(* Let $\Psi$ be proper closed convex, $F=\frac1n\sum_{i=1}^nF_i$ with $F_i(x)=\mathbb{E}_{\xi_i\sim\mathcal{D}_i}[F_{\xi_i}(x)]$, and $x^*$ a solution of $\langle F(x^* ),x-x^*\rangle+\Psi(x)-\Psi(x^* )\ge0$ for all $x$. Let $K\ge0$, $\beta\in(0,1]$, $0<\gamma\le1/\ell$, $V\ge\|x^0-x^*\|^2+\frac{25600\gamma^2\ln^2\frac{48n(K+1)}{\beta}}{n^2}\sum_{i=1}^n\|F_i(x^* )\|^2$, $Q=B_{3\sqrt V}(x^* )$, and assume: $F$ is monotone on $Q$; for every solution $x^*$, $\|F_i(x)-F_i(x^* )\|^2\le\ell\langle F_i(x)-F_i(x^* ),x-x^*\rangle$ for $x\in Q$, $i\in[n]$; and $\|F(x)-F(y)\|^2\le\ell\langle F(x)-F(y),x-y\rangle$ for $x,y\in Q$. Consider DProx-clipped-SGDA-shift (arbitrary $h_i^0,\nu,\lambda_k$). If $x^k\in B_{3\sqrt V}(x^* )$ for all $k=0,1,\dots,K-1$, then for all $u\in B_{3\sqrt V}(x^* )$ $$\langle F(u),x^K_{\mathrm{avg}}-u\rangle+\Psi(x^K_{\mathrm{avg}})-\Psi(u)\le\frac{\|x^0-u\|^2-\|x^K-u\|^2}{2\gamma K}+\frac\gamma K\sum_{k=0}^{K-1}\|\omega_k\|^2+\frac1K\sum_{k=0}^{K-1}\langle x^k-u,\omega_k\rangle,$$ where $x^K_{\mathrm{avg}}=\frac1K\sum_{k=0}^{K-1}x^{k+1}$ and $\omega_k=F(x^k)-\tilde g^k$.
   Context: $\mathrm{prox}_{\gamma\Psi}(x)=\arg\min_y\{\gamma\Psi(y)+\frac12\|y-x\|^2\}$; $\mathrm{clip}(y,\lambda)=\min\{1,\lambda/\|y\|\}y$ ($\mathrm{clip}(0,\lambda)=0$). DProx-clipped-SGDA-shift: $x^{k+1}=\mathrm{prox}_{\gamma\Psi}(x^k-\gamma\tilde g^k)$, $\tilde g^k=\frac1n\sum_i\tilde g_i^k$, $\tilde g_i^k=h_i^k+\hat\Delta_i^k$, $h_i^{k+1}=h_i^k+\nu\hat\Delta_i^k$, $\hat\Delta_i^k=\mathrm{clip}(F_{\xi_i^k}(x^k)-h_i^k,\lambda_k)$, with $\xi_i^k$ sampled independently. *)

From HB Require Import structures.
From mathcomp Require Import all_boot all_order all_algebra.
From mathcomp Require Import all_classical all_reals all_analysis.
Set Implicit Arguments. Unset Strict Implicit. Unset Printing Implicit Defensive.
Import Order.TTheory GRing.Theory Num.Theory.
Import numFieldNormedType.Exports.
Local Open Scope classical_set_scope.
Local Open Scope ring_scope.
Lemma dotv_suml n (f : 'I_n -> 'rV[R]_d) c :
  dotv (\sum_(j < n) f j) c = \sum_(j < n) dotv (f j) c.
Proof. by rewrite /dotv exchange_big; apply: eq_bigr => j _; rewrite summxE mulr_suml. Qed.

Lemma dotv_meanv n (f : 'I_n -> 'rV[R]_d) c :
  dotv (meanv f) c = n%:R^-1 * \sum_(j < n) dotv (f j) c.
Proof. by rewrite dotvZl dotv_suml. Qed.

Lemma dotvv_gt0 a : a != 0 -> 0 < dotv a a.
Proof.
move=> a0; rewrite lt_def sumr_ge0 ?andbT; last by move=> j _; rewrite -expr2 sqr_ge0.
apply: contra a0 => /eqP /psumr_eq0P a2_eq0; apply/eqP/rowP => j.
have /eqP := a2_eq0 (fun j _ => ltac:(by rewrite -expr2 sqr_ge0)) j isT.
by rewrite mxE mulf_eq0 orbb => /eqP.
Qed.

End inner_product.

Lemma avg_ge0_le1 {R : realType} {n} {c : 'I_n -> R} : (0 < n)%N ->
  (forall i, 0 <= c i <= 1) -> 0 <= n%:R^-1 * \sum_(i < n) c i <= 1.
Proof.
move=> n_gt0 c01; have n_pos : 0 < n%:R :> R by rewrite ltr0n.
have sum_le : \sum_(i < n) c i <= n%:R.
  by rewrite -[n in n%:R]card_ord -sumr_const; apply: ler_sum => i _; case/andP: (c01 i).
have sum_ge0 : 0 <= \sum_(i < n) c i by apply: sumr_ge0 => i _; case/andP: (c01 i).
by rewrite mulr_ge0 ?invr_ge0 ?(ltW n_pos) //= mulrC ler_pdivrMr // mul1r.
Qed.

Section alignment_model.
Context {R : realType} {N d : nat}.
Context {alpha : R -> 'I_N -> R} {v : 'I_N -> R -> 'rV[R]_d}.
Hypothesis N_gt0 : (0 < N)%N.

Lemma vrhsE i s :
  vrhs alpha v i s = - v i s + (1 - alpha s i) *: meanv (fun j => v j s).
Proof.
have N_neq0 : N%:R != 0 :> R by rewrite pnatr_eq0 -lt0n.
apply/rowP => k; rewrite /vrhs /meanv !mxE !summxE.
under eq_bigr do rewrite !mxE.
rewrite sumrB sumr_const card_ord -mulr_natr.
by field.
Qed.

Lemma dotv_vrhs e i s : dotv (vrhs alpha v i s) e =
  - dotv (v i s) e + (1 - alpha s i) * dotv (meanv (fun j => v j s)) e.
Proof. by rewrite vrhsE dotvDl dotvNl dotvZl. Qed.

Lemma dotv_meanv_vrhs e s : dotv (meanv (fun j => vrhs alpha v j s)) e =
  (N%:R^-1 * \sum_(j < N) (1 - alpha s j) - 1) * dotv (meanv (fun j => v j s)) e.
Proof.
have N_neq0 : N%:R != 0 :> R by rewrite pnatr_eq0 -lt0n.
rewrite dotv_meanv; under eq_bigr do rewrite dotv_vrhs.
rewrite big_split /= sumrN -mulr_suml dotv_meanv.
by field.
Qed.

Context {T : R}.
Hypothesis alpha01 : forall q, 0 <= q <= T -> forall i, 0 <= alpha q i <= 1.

• • • • • • •

- [TO DO]: Would you set the entries down again, exactly as they were written?

- [ANSWER TO THE EXERCISE]:
(* Let $\Psi$ be proper closed convex, $F=\frac1n\sum_{i=1}^nF_i$ with $F_i(x)=\mathbb{E}_{\xi_i\sim\mathcal{D}_i}[F_{\xi_i}(x)]$, and $x^*$ a solution of $\langle F(x^* ),x-x^*\rangle+\Psi(x)-\Psi(x^* )\ge0$ for all $x$. Let $K\ge0$, $\beta\in(0,1]$, $0<\gamma\le1/\ell$, $V\ge\|x^0-x^*\|^2+\frac{25600\gamma^2\ln^2\frac{48n(K+1)}{\beta}}{n^2}\sum_{i=1}^n\|F_i(x^* )\|^2$, $Q=B_{3\sqrt V}(x^* )$, and assume: $F$ is monotone on $Q$; for every solution $x^*$, $\|F_i(x)-F_i(x^* )\|^2\le\ell\langle F_i(x)-F_i(x^* ),x-x^*\rangle$ for $x\in Q$, $i\in[n]$; and $\|F(x)-F(y)\|^2\le\ell\langle F(x)-F(y),x-y\rangle$ for $x,y\in Q$. Consider DProx-clipped-SGDA-shift (arbitrary $h_i^0,\nu,\lambda_k$). If $x^k\in B_{3\sqrt V}(x^* )$ for all $k=0,1,\dots,K-1$, then for all $u\in B_{3\sqrt V}(x^* )$ $$\langle F(u),x^K_{\mathrm{avg}}-u\rangle+\Psi(x^K_{\mathrm{avg}})-\Psi(u)\le\frac{\|x^0-u\|^2-\|x^K-u\|^2}{2\gamma K}+\frac\gamma K\sum_{k=0}^{K-1}\|\omega_k\|^2+\frac1K\sum_{k=0}^{K-1}\langle x^k-u,\omega_k\rangle,$$ where $x^K_{\mathrm{avg}}=\frac1K\sum_{k=0}^{K-1}x^{k+1}$ and $\omega_k=F(x^k)-\tilde g^k$.
   Context: $\mathrm{prox}_{\gamma\Psi}(x)=\arg\min_y\{\gamma\Psi(y)+\frac12\|y-x\|^2\}$; $\mathrm{clip}(y,\lambda)=\min\{1,\lambda/\|y\|\}y$ ($\mathrm{clip}(0,\lambda)=0$). DProx-clipped-SGDA-shift: $x^{k+1}=\mathrm{prox}_{\gamma\Psi}(x^k-\gamma\tilde g^k)$, $\tilde g^k=\frac1n\sum_i\tilde g_i^k$, $\tilde g_i^k=h_i^k+\hat\Delta_i^k$, $h_i^{k+1}=h_i^k+\nu\hat\Delta_i^k$, $\hat\Delta_i^k=\mathrm{clip}(F_{\xi_i^k}(x^k)-h_i^k,\lambda_k)$, with $\xi_i^k$ sampled independently. *)

From HB Require Import structures.
From mathcomp Require Import all_boot all_order all_algebra.
From mathcomp Require Import all_classical all_reals all_analysis.
Set Implicit Arguments. Unset Strict Implicit. Unset Printing Implicit Defensive.
Import Order.TTheory GRing.Theory Num.Theory.
Import numFieldNormedType.Exports.
Local Open Scope classical_set_scope.
Local Open Scope ring_scope.
Lemma dotv_suml n (f : 'I_n -> 'rV[R]_d) c :
  dotv (\sum_(j < n) f j) c = \sum_(j < n) dotv (f j) c.
Proof. by rewrite /dotv exchange_big; apply: eq_bigr => j _; rewrite summxE mulr_suml. Qed.

Lemma dotv_meanv n (f : 'I_n -> 'rV[R]_d) c :
  dotv (meanv f) c = n%:R^-1 * \sum_(j < n) dotv (f j) c.
Proof. by rewrite dotvZl dotv_suml. Qed.

Lemma dotvv_gt0 a : a != 0 -> 0 < dotv a a.
Proof.
move=> a0; rewrite lt_def sumr_ge0 ?andbT; last by move=> j _; rewrite -expr2 sqr_ge0.
apply: contra a0 => /eqP /psumr_eq0P a2_eq0; apply/eqP/rowP => j.
have /eqP := a2_eq0 (fun j _ => ltac:(by rewrite -expr2 sqr_ge0)) j isT.
by rewrite mxE mulf_eq0 orbb => /eqP.
Qed.

End inner_product.

Lemma avg_ge0_le1 {R : realType} {n} {c : 'I_n -> R} : (0 < n)%N ->
  (forall i, 0 <= c i <= 1) -> 0 <= n%:R^-1 * \sum_(i < n) c i <= 1.
Proof.
move=> n_gt0 c01; have n_pos : 0 < n%:R :> R by rewrite ltr0n.
have sum_le : \sum_(i < n) c i <= n%:R.
  by rewrite -[n in n%:R]card_ord -sumr_const; apply: ler_sum => i _; case/andP: (c01 i).
have sum_ge0 : 0 <= \sum_(i < n) c i by apply: sumr_ge0 => i _; case/andP: (c01 i).
by rewrite mulr_ge0 ?invr_ge0 ?(ltW n_pos) //= mulrC ler_pdivrMr // mul1r.
Qed.

Section alignment_model.
Context {R : realType} {N d : nat}.
Context {alpha : R -> 'I_N -> R} {v : 'I_N -> R -> 'rV[R]_d}.
Hypothesis N_gt0 : (0 < N)%N.

Lemma vrhsE i s :
  vrhs alpha v i s = - v i s + (1 - alpha s i) *: meanv (fun j => v j s).
Proof.
have N_neq0 : N%:R != 0 :> R by rewrite pnatr_eq0 -lt0n.
apply/rowP => k; rewrite /vrhs /meanv !mxE !summxE.
under eq_bigr do rewrite !mxE.
rewrite sumrB sumr_const card_ord -mulr_natr.
by field.
Qed.

Lemma dotv_vrhs e i s : dotv (vrhs alpha v i s) e =
  - dotv (v i s) e + (1 - alpha s i) * dotv (meanv (fun j => v j s)) e.
Proof. by rewrite vrhsE dotvDl dotvNl dotvZl. Qed.

Lemma dotv_meanv_vrhs e s : dotv (meanv (fun j => vrhs alpha v j s)) e =
  (N%:R^-1 * \sum_(j < N) (1 - alpha s j) - 1) * dotv (meanv (fun j => v j s)) e.
Proof.
have N_neq0 : N%:R != 0 :> R by rewrite pnatr_eq0 -lt0n.
rewrite dotv_meanv; under eq_bigr do rewrite dotv_vrhs.
rewrite big_split /= sumrN -mulr_suml dotv_meanv.
by field.
Qed.

Context {T : R}.
Hypothesis alpha01 : forall q, 0 <= q <= T -> forall i, 0 <= alpha q i <= 1.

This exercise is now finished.